I'm not sure if I want to do this anymore. Being a Hopeful can be a sort of frustrating and then coupled with the bitches and assholes infesting this site, I feel like I'm wasting my time even logging in anymore. I thought being a part of the SG community would be fun and entertaining, but the further I venture into the site the more I feel like it's a test of nerves above anything else; like, how-much-bullshit-can-you-take-before-you've-had-enough. Don't get me wrong; I'm not trying to bash the site. There are a lot of reasons why I really like SG. I've gotten to "meet" (I put it in parenthesise because I haven't literally met very many people from the site; for all I know anyone could be some gross old man with a computer and too much time on his hands ) a lot of really awesome people and, although I'm not official, SG has opened me up to a lot of new experiences and opportunities I never would have gotten had I not been a part of this site.

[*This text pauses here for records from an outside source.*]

(* Fix an STL formula $\varphi$ and $t\in\tau$. Let $V$ be the finite set of pairs $(i,t')$ such that some predicate $s_i-\pi\ge0$ appears in a pair $(s_i-\pi\ge0,\,t')\in E(\varphi,t)$, and set $M=|V|$. Then $\eta(\varphi,S,t)$ depends on $S$ only through the vector $v(S)=(s_i[t'])_{(i,t')\in V}\in[-1,1]^M$; regard it as a function $H$ of $v\in\mathbb{R}^M$, computed by the same recursive formulas. Let $S$ be a signal such that $\eta(\psi,S,t')\neq0$ for every $(\psi,t')\in E(\varphi,t)$. Then there is an open neighborhood $U\subseteq\mathbb{R}^M$ of $v(S)$ on which $H$ is well defined and $C^\infty$. In particular, $\eta(\varphi,\cdot,t)$ is smooth at every signal outside the set where some subformula's robustness vanishes at one of its evaluation times.
   Context: Let $\tau\subseteq\mathbb{R}_{\ge 0}$ be a discrete set of time points (e.g. $\tau=\mathbb{Z}_{\ge0}$). For $t\in\tau$ and $0\le a<b$, write $[t+a,t+b]$ for the set of points $t'\in\tau$ with $t+a\le t'\le t+b$, assumed finite and nonempty, and write $N$ for its cardinality. A signal is a map $S:\tau\to[-1,1]^n$ with components $s_1,\dots,s_n$. STL formulas are generated by $\varphi::=\top\mid\bot\mid\mu\mid\neg\varphi\mid\varphi_1\wedge\cdots\wedge\varphi_m\mid\varphi_1\vee\cdots\vee\varphi_m\mid\mathbf{G}_{[a,b]}\varphi\mid\mathbf{F}_{[a,b]}\varphi$ ($m\ge 2$), where each predicate $\mu$ has the form $s_i-\pi\ge0$ with $i\in\{1,\dots,n\}$ and $\pi\in[-1,1]$. For $x\in\mathbb{R}$ put $[x]_+=\max(x,0)$, $[x]_-=\min(x,0)$. AGM robustness $\eta(\varphi,S,t)$ is defined recursively: $\eta(\top,S,t)=1$; $\eta(\bot,S,t)=-1$; $\eta(s_i-\pi\ge0,S,t)=\tfrac12(s_i[t]-\pi)$; $\eta(\neg\varphi,S,t)=-\eta(\varphi,S,t)$. Writing $\eta_j=\eta(\varphi_j,S,t)$: $\eta(\varphi_1\wedge\cdots\wedge\varphi_m,S,t)=\big(\prod_{j=1}^m(1+\eta_j)\big)^{1/m}-1$ if all $\eta_j>0$, and $\frac1m\sum_j[\eta_j]_-$ otherwise; $\eta(\varphi_1\vee\cdots\vee\varphi_m,S,t)=\frac1m\sum_j[\eta_j]_+$ if some $\eta_j>0$, and $1-\big(\prod_{j=1}^m(1-\eta_j)\big)^{1/m}$ otherwise. Writing $\eta_{t'}=\eta(\varphi,S,t')$ for $t'\in[t+a,t+b]$: $\eta(\mathbf{G}_{[a,b]}\varphi,S,t)=\big(\prod_{t'}(1+\eta_{t'})\big)^{1/N}-1$ if all $\eta_{t'}>0$, and $\frac1N\sum_{t'}[\eta_{t'}]_-$ otherwise; $\eta(\mathbf{F}_{[a,b]}\varphi,S,t)=\frac1N\sum_{t'}[\eta_{t'}]_+$ if some $\eta_{t'}>0$, and $1-\big(\prod_{t'}(1-\eta_{t'})\big)^{1/N}$ otherwise (products and sums over $t'\in[t+a,t+b]$). Evaluation pairs: $E(\varphi,t)$ is the smallest set of (formula, time) pairs containing $(\varphi,t)$ and closed under three rules. If $(\neg\psi,t')\in E$ then $(\psi,t')\in E$. If $(\psi_1\wedge\cdots\wedge\psi_m,t')$ or $(\psi_1\vee\cdots\vee\psi_m,t')$ is in $E$, then $(\psi_j,t')\in E$ for all $j$. If $(\mathbf{G}_{[a,b]}\psi,t')$ or $(\mathbf{F}_{[a,b]}\psi,t')$ is in $E$, then $(\psi,t'')\in E$ for all $t''\in[t'+a,t'+b]$. *)

From Stdlib Require Import Reals Lra Lia List.
Import ListNotations.
Open Scope R_scope.
Lemma ulim_mul h1 h2 L1 L2 M : (forall t, Cnorm (h2 t) <= M) ->
  ULim h1 L1 -> ULim h2 L2 -> ULim (fun t => Cmul (h1 t) (h2 t)) (Cmul L1 L2).
Proof.
  intros HM H1 H2 e He.
  assert (HM0 : 0 <= M)
    by (destruct (UF_ex _ UF_full) as [t _]; pose proof (Cnorm_ge0 (h2 t)); specialize (HM t); lra).
  set (K := M + Cnorm L1 + 1).
  assert (HK : M + Cnorm L1 < K) by (unfold K; lra).
  pose proof (Cnorm_ge0 L1).
  set (d := e / (2 * K)).
  assert (Hd : 0 < d) by (unfold d; apply Rdiv_lt_0_compat; lra).
  assert (HdK : d * K = e / 2) by (unfold d; field; lra).
  apply (UF_mono _ _ (UF_and _ _ (H1 d Hd) (H2 d Hd))).
  intros t [A1 A2]. specialize (HM t).
  replace (Csub (Cmul (h1 t) (h2 t)) (Cmul L1 L2)) with
    (Cadd (Cmul (Csub (h1 t) L1) (h2 t)) (Cmul L1 (Csub (h2 t) L2)))
    by (apply C_eq; simpl; ring).
  eapply Rle_lt_trans; [apply Cnorm_add|]. rewrite !Cnorm_mul.
  pose proof (Cnorm_ge0 (h2 t)); pose proof (Cnorm_ge0 (Csub (h1 t) L1));
  pose proof (Cnorm_ge0 (Csub (h2 t) L2)).
  assert (Cnorm (Csub (h1 t) L1) * Cnorm (h2 t) <= d * M) by (apply Rmult_le_compat; lra).
  assert (Cnorm L1 * Cnorm (Csub (h2 t) L2) <= Cnorm L1 * d) by (apply Rmult_le_compat_l; lra).
  nra.
Qed.

End UltrafilterLimits.
(* Let $d,l,m\geq1$, fix arbitrary norms $\|\cdot\|$ on $H(d)$ and on $M_{lm}(\mathbb{R})$, and let $\mathcal{Q}=\{P_1,\dots,P_l\}$ be a measurement scheme of POVMs with outcome set $\{1,\dots,m\}$ which determines any pure state among all states. Then there is a constant $C_{\mathcal{Q}}>0$ such that for every $\epsilon>0$, every pure state $\sigma$ and every $f\in M_{lm}(\mathbb{R})$ with $\|f\|\leq\epsilon$, setting $b=M_{\mathcal{Q}}(\sigma)+f$, any minimizer $Y^*$ of the convex program $$\text{minimize } \|M_{\mathcal{Q}}(Y)-b\|_2\quad\text{subject to } Y\in H(d),\ Y\geq0$$ satisfies $\|Y^*-\sigma\|\leq C_{\mathcal{Q}}\,\epsilon$. Here $\|\cdot\|_2$ is the Hilbert–Schmidt (Frobenius) norm on $M_{lm}(\mathbb{R})$.
   Context: $H(d)$ is the real vector space of $d\times d$ complex Hermitian matrices and $M_{lm}(\mathbb{R})$ the real $l\times m$ matrices. A POVM with outcome set $\{1,\dots,m\}$ is a map $j\mapsto P(j)\in H(d)$ with $P(j)\geq0$ and $\sum_j P(j)=\mathbb{1}$. The scheme induces $M_{\mathcal{Q}}:H(d)\to M_{lm}(\mathbb{R})$, $M_{\mathcal{Q}}(X)_{i,j}=\mathrm{tr}(XP_i(j))$. A state is a positive semidefinite trace-one matrix; a pure state is a rank-one state $|\psi\rangle\langle\psi|$. $\mathcal{Q}$ determines any pure state among all states if for every pure state $\sigma$ and every state $\varrho$, $M_{\mathcal{Q}}(\sigma)=M_{\mathcal{Q}}(\varrho)$ implies $\varrho=\sigma$. *)

From HB Require Import structures.
From mathcomp Require Import all_boot all_order all_algebra.
From mathcomp Require Import reals complex.
Set Implicit Arguments. Unset Strict Implicit. Unset Printing Implicit Defensive.
Import Order.TTheory GRing.Theory Num.Theory.
Local Open Scope ring_scope.
Local Open Scope complex_scope.

Section Defs.
Variable R : realType.
Local Notation C := R[i].

Definition adj (p q : nat) (A : 'M[C]_(p, q)) : 'M[C]_(q, p) :=
  \matrix_(i, j) (A j i)^*.

Definition hermitian (d : nat) (A : 'M[C]_d) : Prop := adj A = A.

Definition psd (d : nat) (A : 'M[C]_d) : Prop :=
  hermitian A /\ forall v : 'cV[C]_d, 0 <= (adj v *m A *m v) 0 0.

Definition state (d : nat) (A : 'M[C]_d) : Prop := psd A /\ \tr A = 1.

Definition pure_state (d : nat) (A : 'M[C]_d) : Prop :=
  state A /\ \rank A = 1%N.

Definition POVM (d m : nat) (P : 'I_m -> 'M[C]_d) : Prop :=
  (forall j, psd (P j)) /\ \sum_(j < m) P j = 1%:M.

(* the map M_Q : H(d) -> M_{lm}(R), X |-> (tr (X P_i(j)))_{i,j};
   the trace is real for Hermitian X, P_i(j); we take its real part. *)
Definition measmap (d l m : nat) (P : 'I_l -> 'I_m -> 'M[C]_d) (X : 'M[C]_d)
  : 'M[R]_(l, m) := \matrix_(i, j) complex.Re (\tr (X *m P i j)).
(* Let $\Sigma_0=(A_0,B_0,C_0,D;\mathcal X_0,\mathcal U,\mathcal Y;\kappa)$ and $\Sigma=(A,B,C,D;\mathcal X,\mathcal U,\mathcal Y;\kappa)$ be passive realizations of $\theta\in\mathbf S_\kappa(\mathcal U,\mathcal Y)$ (both with state spaces of negative index $\kappa$) such that $\Sigma_0$ is optimal. If for all $z,w$ in a sufficiently small symmetric neighbourhood $\Omega$ of the origin $$B^*(I-\bar wA^* )^{-1}(I-zA)^{-1}B=B_0^*(I-\bar wA_0^* )^{-1}(I-zA_0)^{-1}B_0,$$ then $\Sigma$ is optimal.
   Context: Standing conventions. All spaces are separable Pontryagin spaces; adjoints and contractivity are with respect to the indefinite inner products. $E_{\mathcal H}(h)=\langle h,h\rangle_{\mathcal H}$. A system $\Sigma=(A,B,C,D;\mathcal X,\mathcal U,\mathcal Y;\kappa)$: state space $\mathcal X$ with negative index $\kappa$, $\mathcal U,\mathcal Y$ with the same negative index, bounded $T_\Sigma=\begin{pmatrix}A&B\\C&D\end{pmatrix}:\mathcal X\oplus\mathcal U\to\mathcal X\oplus\mathcal Y$; passive if $T_\Sigma$ is a contraction ($\langle Tx,Tx\rangle\le\langle x,x\rangle$). Transfer function $D+zC(I-zA)^{-1}B$; realization of $\theta$ if equal to $\theta$ near $0$. $\mathbf S_\kappa(\mathcal U,\mathcal Y)$: $\mathcal L(\mathcal U,\mathcal Y)$-valued functions holomorphic near $0$ whose kernel $\frac{I-S(z)S(w)^*}{1-z\bar w}$ has exactly $\kappa$ negative squares. A passive realization of $\theta\in\mathbf S_\kappa(\mathcal U,\mathcal Y)$ is $\kappa$-admissible if its state space has negative index $\kappa$. Optimal: a $\kappa$-admissible passive realization $\Sigma$ of $\theta$ such that for every $\kappa$-admissible passive realization $\Sigma'=(A',B',C',D;\mathcal X',\mathcal U,\mathcal Y;\kappa)$ of $\theta$, $E_{\mathcal X}(\sum_{k=0}^nA^kBu_k)\le E_{\mathcal X'}(\sum_{k=0}^nA'^kB'u_k)$ for all $n\in\mathbb N_0$, $u_k\in\mathcal U$. *)

From HB Require Import structures.
From mathcomp Require Import all_boot all_order all_algebra.
From mathcomp Require Import reals.
From mathcomp Require Import complex.
From Stdlib Require Import ClassicalEpsilon.
Set Implicit Arguments. Unset Strict Implicit. Unset Printing Implicit Defensive.
Import Order.TTheory GRing.Theory Num.Theory.
Local Open Scope ring_scope.
Local Open Scope complex_scope.

Section Pontryagin.
Variable R : realType.
Local Notation C := (R[i]).

(** squared norm induced by a fundamental decomposition: Pm is the projection
    onto the negative part X_-, id - Pm the projection onto X_+ *)
Definition jnsq (V : lmodType C) (ip : V -> V -> C) (Pm : V -> V) (x : V) : C :=
  ip (x - Pm x) (x - Pm x) - ip (Pm x) (Pm x).

Definition jcomplete (V : lmodType C) (ip : V -> V -> C) (Pm : V -> V) : Prop :=
  forall s : nat -> V,
    (forall eps : C, 0 < eps -> exists N, forall m n, (N <= m)%N -> (N <= n)%N ->
        jnsq ip Pm (s m - s n) < eps) ->
    exists x, forall eps : C, 0 < eps -> exists N, forall n, (N <= n)%N ->
        jnsq ip Pm (s n - x) < eps.

Definition jseparable (V : lmodType C) (ip : V -> V -> C) (Pm : V -> V) : Prop :=
  exists d : nat -> V, forall x eps, 0 < eps -> exists n, jnsq ip Pm (x - d n) < eps.

(** A separable Pontryagin space with negative index [pkappa]: a complex vector
    space with a hermitian form and a fundamental decomposition
    X = X_+ [+] X_- (orthogonal), X_+ positive definite, X_- negative definite of
    dimension pkappa, complete (both parts are Hilbert spaces) and separable. *)
Record pspace := PSpace {
  pcar : lmodType C;
  pip : pcar -> pcar -> C;
  pPm : pcar -> pcar;
  pkappa : nat;
  pip_linl : forall a x y z, pip (a *: x + y) z = a * pip x z + pip y z;
  pip_herm : forall x y, pip x y = (pip y x)^*;
  pPm_lin : forall a x y, pPm (a *: x + y) = a *: pPm x + pPm y;
  pPm_idem : forall x, pPm (pPm x) = pPm x;
  pPm_orth : forall x y, pip (pPm x) (y - pPm y) = 0;
  pneg_def : forall x, pPm x = x -> x != 0 -> pip x x < 0;
  ppos_def : forall x, pPm x = 0 -> x != 0 -> 0 < pip x x;
  pneg_dim : exists e : 'I_pkappa -> pcar,
      (forall l, pPm (e l) = e l) /\
      (forall x, pPm x = x -> exists a : 'I_pkappa -> C, x = \sum_l a l *: e l) /\
      (forall a : 'I_pkappa -> C, \sum_l a l *: e l = 0 -> forall l, a l = 0);
  pcomplete : jcomplete pip pPm;
  pseparable : jseparable pip pPm
}.
Coercion pcar : pspace >-> lmodType.

Definition energy (X : pspace) (x : X) : C := pip x x.
Definition pnsq (X : pspace) (x : X) : C := jnsq (@pip X) (@pPm X) x.

Definition is_linear (X Y : pspace) (f : X -> Y) : Prop :=
  forall a x y, f (a *: x + y) = a *: f x + f y.
Definition is_bounded (X Y : pspace) (f : X -> Y) : Prop :=
  exists M : C, forall x, pnsq (f x) <= M * pnsq x.
Definition bounded_op (X Y : pspace) (f : X -> Y) : Prop :=
  is_linear f /\ is_bounded f.

Definition adj (X Y : pspace) (f : X -> Y) : Y -> X :=
  epsilon (inhabits (fun _ => 0))
    (fun g : Y -> X => forall x y, pip (f x) y = pip x (g y)).

Definition opinv (X : pspace) (f : X -> X) : X -> X :=
  epsilon (inhabits (fun x => x))
    (fun g : X -> X => (forall x, g (f x) = x) /\ (forall x, f (g x) = x)).

Definition IminusZ (X : pspace) (z : C) (T : X -> X) : X -> X :=
  fun x => x - z *: T x.

Definition transfer (X U Y : pspace) (A : X -> X) (B : U -> X) (Cc : X -> Y)
  (D : U -> Y) (z : C) : U -> Y :=
  fun u => D u + z *: Cc (opinv (IminusZ z A) (B u)).

Definition is_system (X U Y : pspace) (A : X -> X) (B : U -> X) (Cc : X -> Y)
  (D : U -> Y) : Prop :=
  [/\ bounded_op A, bounded_op B, bounded_op Cc, bounded_op D &
      pkappa U = pkappa Y].

(** passive: T_Sigma : X (+) U -> X (+) Y is a contraction *)
Definition passive (X U Y : pspace) A B Cc D : Prop :=
  @is_system X U Y A B Cc D /\
  forall (x : X) (u : U),
    pip (A x + B u) (A x + B u) + pip (Cc x + D u) (Cc x + D u)
      <= pip x x + pip u u.

Definition realizes (X U Y : pspace) A B Cc D (theta : C -> U -> Y) : Prop :=
  exists r : C, 0 < r /\ forall z, `|z| < r -> forall u,
      theta z u = @transfer X U Y A B Cc D z u.

Definition kadmissible (X U Y : pspace) A B Cc D (kappa : nat)
  (theta : C -> U -> Y) : Prop :=
  [/\ @passive X U Y A B Cc D, realizes A B Cc D theta & pkappa X = kappa].

Definition ctrl_sum (X U : pspace) (A : X -> X) (B : U -> X) (n : nat)
  (u : nat -> U) : X :=
  \sum_(k < n.+1) iter k A (B (u k)).

Definition optimal (X U Y : pspace) A B Cc D (kappa : nat)
  (theta : C -> U -> Y) : Prop :=
  @kadmissible X U Y A B Cc D kappa theta /\
  forall (X' : pspace) (A' : X' -> X') (B' : U -> X') (C' : X' -> Y),
    kadmissible A' B' C' D kappa theta ->
    forall (n : nat) (u : nat -> U),
      energy (ctrl_sum A B n u) <= energy (ctrl_sum A' B' n u).

(** Gram quadratic form of the kernel (I - theta(z) theta(w)^* ) / (1 - z conj w)
    at points z_1..z_n with vectors y_1..y_n:
    q(c) = sum_{i,j} <K(z_j,z_i) c_j y_j, c_i y_i>_Y *)
Definition schur_gram (U Y : pspace) (theta : C -> U -> Y) (n : nat)
  (z : 'I_n -> C) (y : 'I_n -> Y) (i j : 'I_n) : C :=
  (pip (y j) (y i) - pip (adj (theta (z i)) (y j)) (adj (theta (z j)) (y i)))
    / (1 - z j * (z i)^*).

Definition gram_form (n : nat) (G : 'I_n -> 'I_n -> C) (c : 'I_n -> C) : C :=
  \sum_(i < n) \sum_(j < n) c j * (c i)^* * G i j.

(** the kernel has at least k negative squares on the disc |z| < r: some Gram
    form has a k-dimensional negative definite subspace *)
Definition negsq_ge (U Y : pspace) (theta : C -> U -> Y) (r : C) (k : nat) : Prop :=
  exists (n : nat) (z : 'I_n -> C) (y : 'I_n -> Y) (v : 'I_k -> 'I_n -> C),
    (forall i, `|z i| < r) /\
    forall a : 'I_k -> C, (exists l, a l != 0) ->
      gram_form (schur_gram theta z y) (fun i => \sum_(l < k) a l * v l i) < 0.

Definition holo_on (U Y : pspace) (theta : C -> U -> Y) (r : C) : Prop :=
  (forall z, `|z| < r -> bounded_op (theta z)) /\
  forall z, `|z| < r -> exists T' : U -> Y,
    forall eps : C, 0 < eps -> exists del : C, 0 < del /\
      forall h, 0 < `|h| < del -> forall u,
        pnsq (h^-1 *: (theta (z + h) u - theta z u) - T' u) <= eps * pnsq u.

Definition in_Skappa (U Y : pspace) (kappa : nat) (theta : C -> U -> Y) : Prop :=
  exists r : C, [/\ 0 < r, r <= 1, holo_on theta r,
    negsq_ge theta r kappa & ~ negsq_ge theta r kappa.+1].

End Pontryagin.

From HB Require Import structures.
From mathcomp Require Import all_boot all_order all_algebra.
From mathcomp Require Import reals.
From mathcomp Require Import complex.
From mathcomp Require Import ring lra.
From Stdlib Require Import ClassicalEpsilon.
Import Order.TTheory GRing.Theory Num.Theory.
Local Open Scope ring_scope.
Local Open Scope complex_scope.
Set Implicit Arguments. Unset Strict Implicit. Unset Printing Implicit Defensive.

(* The resolvent [opinv (I - z A)] and the adjoint [adj] are defined by choice,
   so one first shows that they exist: for small real [t], [I - t A] is inverted
   by Picard iteration in the Hilbert norm of a fundamental decomposition, and
   adjoints come from a Riesz representation obtained by minimising
   [|x|^2 - 2 Re <f x, y>].  The hypothesis then says that the kernels
   [<(I - s A)^{-1} B v, (I - t A)^{-1} B u>] of the two systems agree for small
   real [s, t].  The expansion [(I - t A)^{-1} = I + t A (I - t A)^{-1}] peels
   off one power of [A] at a time, so all moments [<A^j B v, A^k B u>] agree.
   These determine the energy of every control sum [sum_k A^k B u_k], so
   optimality passes from the first system to the second. *)

Section ComplexParts.
Variable R : realType.
Implicit Types (t : R) (w v : R[i]).

Lemma ReD w v : complex.Re (w + v) = complex.Re w + complex.Re v.
Proof. by case: w; case: v. Qed.
Lemma ImD w v : complex.Im (w + v) = complex.Im w + complex.Im v.
Proof. by case: w; case: v. Qed.
Lemma ReN w : complex.Re (- w) = - complex.Re w.
Proof. by case: w. Qed.
Lemma ImN w : complex.Im (- w) = - complex.Im w.
Proof. by case: w. Qed.
Lemma ReB w v : complex.Re (w - v) = complex.Re w - complex.Re v.
Proof. by rewrite ReD ReN. Qed.
Lemma ImB w v : complex.Im (w - v) = complex.Im w - complex.Im v.
Proof. by rewrite ImD ImN. Qed.
Lemma ReMrl t w : complex.Re (t%:C * w) = t * complex.Re w.
Proof. by case: w => a b /=; rewrite mul0r subr0. Qed.
Lemma ImMrl t w : complex.Im (t%:C * w) = t * complex.Im w.
Proof. by case: w => a b /=; rewrite mul0r addr0. Qed.
Lemma ReMrr w t : complex.Re (w * t%:C) = complex.Re w * t.
Proof. by case: w => a b /=; rewrite mulr0 subr0. Qed.
Lemma ReJ w : complex.Re (w^*)%C = complex.Re w.
Proof. by case: w. Qed.
Lemma ImJ w : complex.Im (w^*)%C = - complex.Im w.
Proof. by case: w. Qed.
Lemma ReiM w : complex.Re ('i * w) = - complex.Im w.
Proof. by case: w => a b /=; rewrite !mul0r !mul1r sub0r. Qed.
Lemma complex_eqP w v :
  complex.Re w = complex.Re v -> complex.Im w = complex.Im v -> w = v.
Proof. by case: w => ? ?; case: v => ? ? /= -> ->. Qed.
Lemma normc_real t : `|t%:C| = `|t|%:C.
Proof. by rewrite normc_def /= expr0n addr0 sqrtr_sqr. Qed.

End ComplexParts.

Section FundamentalNorm.
Variable R : realType.
Local Notation C := (R[i]).
Variable X : pspace R.
Implicit Types (x y z a b : X) (t : R).

Local Notation ip := (@pip R X).
Local Notation P := (@pPm R X).

Lemma ipDl x y z : ip (x + y) z = ip x z + ip y z.
Proof. by have := pip_linl 1 x y z; rewrite scale1r mul1r. Qed.
Lemma ip0l z : ip 0 z = 0.
Proof. by have /eqP := ipDl 0 0 z; rewrite addr0 -subr_eq addrN eq_sym => /eqP. Qed.
Lemma ipZl (c : C) x z : ip (c *: x) z = c * ip x z.
Proof. by have := pip_linl c x 0 z; rewrite addr0 ip0l addr0. Qed.
Lemma ipNl x z : ip (- x) z = - ip x z.
Proof. by rewrite -scaleN1r ipZl mulN1r. Qed.
Lemma ipBl x y z : ip (x - y) z = ip x z - ip y z.
Proof. by rewrite ipDl ipNl. Qed.
Lemma ipDr x y z : ip z (x + y) = ip z x + ip z y.
Proof. rewrite (pip_herm z (x + y)) (pip_herm z x) (pip_herm z y) ipDl; exact: rmorphD. Qed.
Lemma ipZr (c : C) x z : ip z (c *: x) = (c^*)%C * ip z x.
Proof. rewrite (pip_herm z) (pip_herm z x) ipZl; exact: rmorphM. Qed.
Lemma ipZr_real t x z : ip z (t%:C *: x) = t%:C * ip z x.
Proof. by rewrite ipZr conjc_real. Qed.
Lemma ip0r z : ip z 0 = 0.
Proof. by rewrite pip_herm ip0l conjc0. Qed.
Lemma ipNr x z : ip z (- x) = - ip z x.
Proof. by apply/eqP; rewrite -subr_eq0 opprK -ipDr addNr ip0r. Qed.
Lemma ipBr x y z : ip z (x - y) = ip z x - ip z y.
Proof. by rewrite ipDr ipNr. Qed.
Lemma ip_suml I (r : seq I) (Q : pred I) (F : I -> X) z :
  ip (\sum_(i <- r | Q i) F i) z = \sum_(i <- r | Q i) ip (F i) z.
Proof. by elim/big_rec2: _ => [|i y1 y2 _ <-]; [exact: ip0l | exact: ipDl]. Qed.
Lemma ip_sumr I (r : seq I) (Q : pred I) (F : I -> X) z :
  ip z (\sum_(i <- r | Q i) F i) = \sum_(i <- r | Q i) ip z (F i).
Proof. by elim/big_rec2: _ => [|i y1 y2 _ <-]; [exact: ip0r | exact: ipDr]. Qed.

Lemma PmD x y : P (x + y) = P x + P y.
Proof. by have := pPm_lin 1 x y; rewrite !scale1r. Qed.
Lemma Pm0 : P 0 = 0.
Proof. by have /eqP := PmD 0 0; rewrite addr0 -subr_eq addrN eq_sym => /eqP. Qed.
Lemma PmZ (c : C) x : P (c *: x) = c *: P x.
Proof. by have := pPm_lin c x 0; rewrite !addr0 Pm0 addr0. Qed.
Lemma PmB x y : P (x - y) = P x - P y.
Proof. by rewrite PmD -scaleN1r PmZ scaleN1r. Qed.
Lemma Pm_subK x : P (x - P x) = 0.
Proof. by rewrite PmB pPm_idem subrr. Qed.

Lemma ip_Pm_sub x y : ip (y - P y) (P x) = 0.
Proof. by rewrite pip_herm pPm_orth conjc0. Qed.

(* [jdot] is the Hilbert inner product of the fundamental decomposition
   X = X_+ [+] X_-; [jsym] is the fundamental symmetry J = (I - P) - P. *)
Definition jdot x y : C := ip (x - P x) (y - P y) - ip (P x) (P y).
Definition jnorm2 x : R := complex.Re (jdot x x).
Definition jsym x : X := (x - P x) - P x.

I'm really thankful for the things I've gained because of SG. At the same time, though, I've also turned down some beneficial possiblities because they would have interfered with my chances of going pink. I'm not trying to lay blame with that statement; the decisions were ultimately mine to make. I'm just not sure if it's really worth it when the majority of the people I encounter here are mean or catty or trying to bring others down. It's truly exhausting. I'm not looking for anyone to feel bad for me. I know we all put up with our own amount of shit from other members. That's just how it is here. I'm just saying I'm not sure if the pro's of SG out weigh the con's for me...
VIEW 14 of 14 COMMENTS
rose_red:
Um... randomness. I was going through the animal lovers group, and I just wanted you to know that I'm very sorry for the loss of your bunny... *hugs*
mikodilbeck:
Beautiful, keep up the good work, and I hope you become a SG real soon.